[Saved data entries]
◇ ◇ ◇ ◇ ◇ ◇ ◇
(* Eliminating x_b, x_c yields the quadratic in x_a
     x_a^2 - 2 l_a x_a + (l_a^2 - K_ab K_ac / K_bc) = 0,
   solved by the quadratic formula with root choice sgn (= +1 or -1). *)
Definition alpha_hat d (g : L -> {ffun 'I_d -> bool}) n (s : {ffun 'I_n -> L * L * L}) (pp : R) (sgn : 'I_d -> R) (i : 'I_d) : R :=
  let la := lhat g s pa i in
  let ch := Khat g s pa pb pp i * Khat g s pa pc pp i / Khat g s pb pc pp i in
  let qa : R := 1 in
  let qb : R := - (2 * la) in
  let qc : R := la ^+ 2 - ch in
  (- qb + sgn i * Num.sqrt (qb ^+ 2 - 4 * qa * qc)) / (2 * qa).

Definition beta_hat d (g : L -> {ffun 'I_d -> bool}) n (s : {ffun 'I_n -> L * L * L}) (pp : R) (sgn : 'I_d -> R) (i : 'I_d) : R :=
  lhat g s pb i
  + Khat g s pa pb pp i / (@alpha_hat d g n s pp sgn i - lhat g s pa i).

Definition gamma_hat d (g : L -> {ffun 'I_d -> bool}) n (s : {ffun 'I_n -> L * L * L}) (pp : R) (sgn : 'I_d -> R) (i : 'I_d) : R :=
  lhat g s pc i
  + Khat g s pa pc pp i / (@alpha_hat d g n s pp sgn i - lhat g s pa i).

End Defs.

(* Under conditional independence each observed frequency is a two-component mixture, and for
   every pair of labeling functions the rescaled covariance
     K_uv = (1 - p') / p' * (O_uv - l_u l_v)  equals  (alpha_u - l_u) (alpha_v - l_v).
   Hence alpha_a = l_a + sgn * sqrt (K_ab K_ac / K_bc) and alpha_b = l_b + K_ab / (alpha_a - l_a),
   alpha_c likewise.  Away from the degenerate locus these formulas are Lipschitz in the six
   statistics except for the square root, which is 1/2-Hoelder, so e-accurate statistics give
   O(sqrt e)-accurate estimates.  A Chernoff bound and a union bound over the 6d statistics make
   them all e-accurate, with e = 8 sqrt (ln (2 d^2 / delta) / (2 n)), outside an event of
   probability delta. *)

From mathcomp Require Import all_boot all_order all_algebra.
From mathcomp Require Import reals sequences exp.
From mathcomp Require Import ring lra.
Import Order.TTheory GRing.Theory Num.Theory.
Local Open Scope ring_scope.

Section RealFacts.
Context {R : realType}.
Implicit Types a b x : R.

Lemma ler_sqrt_dist a b : `|Num.sqrt a - Num.sqrt b| <= Num.sqrt `|a - b|.
Proof.
set u := Num.sqrt a; set v := Num.sqrt b.
have u_ge0 : 0 <= u := sqrtr_ge0 a; have v_ge0 : 0 <= v := sqrtr_ge0 b.
have sq_le : `|u ^+ 2 - v ^+ 2| <= `|a - b|.
  rewrite /u /v; case: (lerP 0 a) => a0; case: (lerP 0 b) => b0.
  - by rewrite !sqr_sqrtr.
  - by rewrite sqr_sqrtr // (ler0_sqrtr (ltW b0)) expr0n subr0 !ger0_norm //; lra.
  - rewrite (ler0_sqrtr (ltW a0)) sqr_sqrtr // expr0n sub0r normrN.
    by rewrite [`|b|]ger0_norm // ler0_norm; lra.
  - by rewrite (ler0_sqrtr (ltW a0)) (ler0_sqrtr (ltW b0)) expr0n subrr normr0.
have diff_le : (u - v) ^+ 2 <= `|u ^+ 2 - v ^+ 2|.
  rewrite subr_sqr normrM -(real_normK (num_real (u - v))) expr2 ler_wpM2l //.
  rewrite [`|u + v|]ger0_norm ?addr_ge0 // ler_norml; apply/andP; split; lra.
by rewrite -sqrtr_sqr ler_sqrt // (le_trans diff_le sq_le).
Qed.

Lemma expR_le_quadratic x : `|x| <= 1 / 2 -> expR x <= 1 + x + 2 * x ^+ 2.
Proof.
rewrite ler_norml => /andP[xlo xhi].
have one_sub_gt0 : 0 < 1 - x by lra.
have expR_mul_le : expR x * (1 - x) <= 1.
  have := ler_wpM2l (expR_ge0 x) (expR_ge1Dx (- x)).
  by rewrite expRN mulfV ?gt_eqF ?expR_gt0.
have one_le : 1 <= (1 - x) * (1 + x + 2 * x ^+ 2).
  have : 0 <= x ^+ 2 * (1 - 2 * x) by apply: mulr_ge0; [exact: sqr_ge0 | lra].
  by rewrite expr2; nra.
by rewrite -(ler_pM2r one_sub_gt0) (le_trans expR_mul_le) // mulrC.
Qed.

End RealFacts.

Record rate (R : realType) := Rate {
  rate_fun :> R -> R;
  rate_ge0 : forall e, 0 < e -> 0 <= rate_fun e;
  rate_small : forall m, 0 < m ->
    exists2 e1, 0 < e1 & forall e, 0 < e -> e <= e1 -> rate_fun e <= m }.
Arguments rate_ge0 {R} r {e}.
Arguments rate_small {R} r {m}.

(* [close e v] reads "the data [v] is [e]-accurate"; [approx close r f x] says that [f v] is
   within [O (r e)] of [x] for every [e]-accurate [v], once [e] is small enough. *)
Definition eventually_close {R : realType} {V : Type} (close : R -> V -> Prop)
    (P : R -> V -> Prop) : Prop :=
  exists2 e0, 0 < e0 & forall e v, 0 < e -> e <= e0 -> close e v -> P e v.

Definition rate_bounded {R : realType} {V : Type} (close : R -> V -> Prop) (r : rate R)
    (err : V -> R) : Prop :=
  exists2 K, 0 < K & eventually_close close (fun e v => err v <= K * r e).

Definition approx {R : realType} {V : Type} (close : R -> V -> Prop) (r : rate R)
    (f : V -> R) (x : R) : Prop :=
  rate_bounded close r (fun v => `|f v - x|).

Section Rate.
Context {R : realType} {V : Type} {close : R -> V -> Prop}.
Local Notation eventually_close := (eventually_close close).

Lemma eventually_closeT {P : R -> V -> Prop} : (forall e v, P e v) -> eventually_close P.
Proof. by move=> PT; exists 1 => // e v *; apply: PT. Qed.

Lemma eventually_close_le {c} : 0 < c -> eventually_close (fun e _ => e <= c).
Proof. by move=> c_gt0; exists c. Qed.

Lemma eventually_close_and {P Q : R -> V -> Prop} :
  eventually_close P -> eventually_close Q -> eventually_close (fun e v => P e v /\ Q e v).
Proof.
move=> [e1 e1_gt0 P1] [e2 e2_gt0 Q2]; exists (Num.min e1 e2); first by rewrite lt_min e1_gt0.
by move=> e v e_gt0; rewrite le_min => /andP[le1 le2] cl; split; [apply: P1 | apply: Q2].
Qed.

Lemma eventually_close_mono {P Q : R -> V -> Prop} :
  eventually_close P -> (forall e v, 0 < e -> P e v -> Q e v) -> eventually_close Q.
Proof. by move=> [e0 e0_gt0 P0] PQ; exists e0 => // e v e_gt0 *; apply/PQ/P0. Qed.

Context {r : rate R}.
Local Notation rate_bounded := (rate_bounded close r).
Local Notation approx := (approx close r).

Lemma rate_bounded_le_eventually {err1 err2 : V -> R} :
  eventually_close (fun _ v => err1 v <= err2 v) -> rate_bounded err2 -> rate_bounded err1.
Proof.
move=> le12 [K K_gt0 bnd2]; exists K => //.
apply: (eventually_close_mono (eventually_close_and le12 bnd2)) => e v _ [].
exact: le_trans.
Qed.

Lemma rate_bounded_le {err1 err2 : V -> R} :
  (forall v, err1 v <= err2 v) -> rate_bounded err2 -> rate_bounded err1.
Proof. by move=> le12; apply/rate_bounded_le_eventually/eventually_closeT. Qed.

Lemma rate_boundedD {err1 err2 : V -> R} :
  rate_bounded err1 -> rate_bounded err2 -> rate_bounded (fun v => err1 v + err2 v).
Proof.
move=> [K1 K1_gt0 bnd1] [K2 K2_gt0 bnd2]; exists (K1 + K2); first exact: addr_gt0.
apply: (eventually_close_mono (eventually_close_and bnd1 bnd2)) => e v _ [le1 le2].
by rewrite mulrDl lerD.
Qed.

Lemma eventually_close_rate_le {m} : 0 < m -> eventually_close (fun e _ => r e <= m).
Proof.
by move=> /(rate_small r)[e1 e1_gt0 small]; exists e1 => // e v e_gt0 le1 _; apply: small.
Qed.

Lemma rate_bounded0 : rate_bounded (fun _ => 0).
Proof. by exists 1 => //; exists 1 => // e v e_gt0 _ _; rewrite mul1r rate_ge0. Qed.

Lemma rate_boundedZ {c} {err : V -> R} :
  0 <= c -> rate_bounded err -> rate_bounded (fun v => c * err v).
Proof.
move=> c_ge0 [K K_gt0 [e0 e0_gt0 bnd]]; exists ((c + 1) * K).
  by rewrite mulr_gt0 // ltr_wpDl.
exists e0 => // e v e_gt0 le0 cl; have Kr_ge0 := mulr_ge0 (ltW K_gt0) (rate_ge0 r e_gt0).
rewrite -mulrA mulrDl mul1r (le_trans (ler_wpM2l c_ge0 (bnd e v e_gt0 le0 cl))) //.
by rewrite lerDl.
Qed.

Lemma rate_boundedM {err1 err2 : V -> R} :
  (forall v, 0 <= err1 v) -> (forall v, 0 <= err2 v) ->
  rate_bounded err1 -> rate_bounded err2 -> rate_bounded (fun v => err1 v * err2 v).
Proof.
move=> err1_ge0 err2_ge0 [K1 K1_gt0 bnd1] [K2 K2_gt0 bnd2].
exists (K1 * K2); first exact: mulr_gt0.
have bnds := eventually_close_and (eventually_close_rate_le ltr01)
  (eventually_close_and bnd1 bnd2).
apply: (eventually_close_mono bnds) => e v e_gt0 [r_le1 [le1 le2]].
apply: (le_trans (ler_pM (err1_ge0 v) (err2_ge0 v) le1 le2)).
rewrite mulrACA ler_wpM2l ?(mulr_ge0 (ltW K1_gt0) (ltW K2_gt0)) //.
by rewrite -[X in _ <= X]mulr1 ler_wpM2l ?rate_ge0.
Qed.

Lemma rate_bounded_sum {I : finType} {err : I -> V -> R} :
  (forall i, rate_bounded (err i)) -> rate_bounded (fun v => \sum_i err i v).
Proof.
move=> bnd; elim: (index_enum I) => [|i s IH].
  by apply: rate_bounded_le rate_bounded0 => v; rewrite big_nil.
by apply: rate_bounded_le (rate_boundedD (bnd i) IH) => v; rewrite big_cons.
Qed.

Lemma approx_eq {f g : V -> R} {x} : f =1 g -> approx f x -> approx g x.
Proof. by move=> fg; apply: rate_bounded_le => v; rewrite fg. Qed.

Lemma approx_cst c : approx (fun _ => c) c.
Proof. by apply: rate_bounded_le rate_bounded0 => v; rewrite subrr normr0. Qed.

Lemma approxD {f g : V -> R} {x y} :
  approx f x -> approx g y -> approx (fun v => f v + g v) (x + y).
Proof.
move=> fx gy; apply: rate_bounded_le (rate_boundedD fx gy) => v.
by rewrite opprD addrACA ler_normD.
Qed.

Lemma approxN {f : V -> R} {x} : approx f x -> approx (fun v => - f v) (- x).
Proof. by apply: rate_bounded_le => v; rewrite -opprD normrN. Qed.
◇ ◇ ◇ ◇ ◇ ◇ ◇
**The task:**
Exact duplication is required for the lines above, from the line that contains "eventually_close (fun _" to the line that contains "apply: (eventually_close_mono bnds)", inclusive; omit all others.

**Response for this exercise:**
  eventually_close (fun _ v => err1 v <= err2 v) -> rate_bounded err2 -> rate_bounded err1.
Proof.
move=> le12 [K K_gt0 bnd2]; exists K => //.
apply: (eventually_close_mono (eventually_close_and le12 bnd2)) => e v _ [].
exact: le_trans.
Qed.

Lemma rate_bounded_le {err1 err2 : V -> R} :
  (forall v, err1 v <= err2 v) -> rate_bounded err2 -> rate_bounded err1.
Proof. by move=> le12; apply/rate_bounded_le_eventually/eventually_closeT. Qed.

Lemma rate_boundedD {err1 err2 : V -> R} :
  rate_bounded err1 -> rate_bounded err2 -> rate_bounded (fun v => err1 v + err2 v).
Proof.
move=> [K1 K1_gt0 bnd1] [K2 K2_gt0 bnd2]; exists (K1 + K2); first exact: addr_gt0.
apply: (eventually_close_mono (eventually_close_and bnd1 bnd2)) => e v _ [le1 le2].
by rewrite mulrDl lerD.
Qed.

Lemma eventually_close_rate_le {m} : 0 < m -> eventually_close (fun e _ => r e <= m).
Proof.
by move=> /(rate_small r)[e1 e1_gt0 small]; exists e1 => // e v e_gt0 le1 _; apply: small.
Qed.

Lemma rate_bounded0 : rate_bounded (fun _ => 0).
Proof. by exists 1 => //; exists 1 => // e v e_gt0 _ _; rewrite mul1r rate_ge0. Qed.

Lemma rate_boundedZ {c} {err : V -> R} :
  0 <= c -> rate_bounded err -> rate_bounded (fun v => c * err v).
Proof.
move=> c_ge0 [K K_gt0 [e0 e0_gt0 bnd]]; exists ((c + 1) * K).
  by rewrite mulr_gt0 // ltr_wpDl.
exists e0 => // e v e_gt0 le0 cl; have Kr_ge0 := mulr_ge0 (ltW K_gt0) (rate_ge0 r e_gt0).
rewrite -mulrA mulrDl mul1r (le_trans (ler_wpM2l c_ge0 (bnd e v e_gt0 le0 cl))) //.
by rewrite lerDl.
Qed.

Lemma rate_boundedM {err1 err2 : V -> R} :
  (forall v, 0 <= err1 v) -> (forall v, 0 <= err2 v) ->
  rate_bounded err1 -> rate_bounded err2 -> rate_bounded (fun v => err1 v * err2 v).
Proof.
move=> err1_ge0 err2_ge0 [K1 K1_gt0 bnd1] [K2 K2_gt0 bnd2].
exists (K1 * K2); first exact: mulr_gt0.
have bnds := eventually_close_and (eventually_close_rate_le ltr01)
  (eventually_close_and bnd1 bnd2).
apply: (eventually_close_mono bnds) => e v e_gt0 [r_le1 [le1 le2]].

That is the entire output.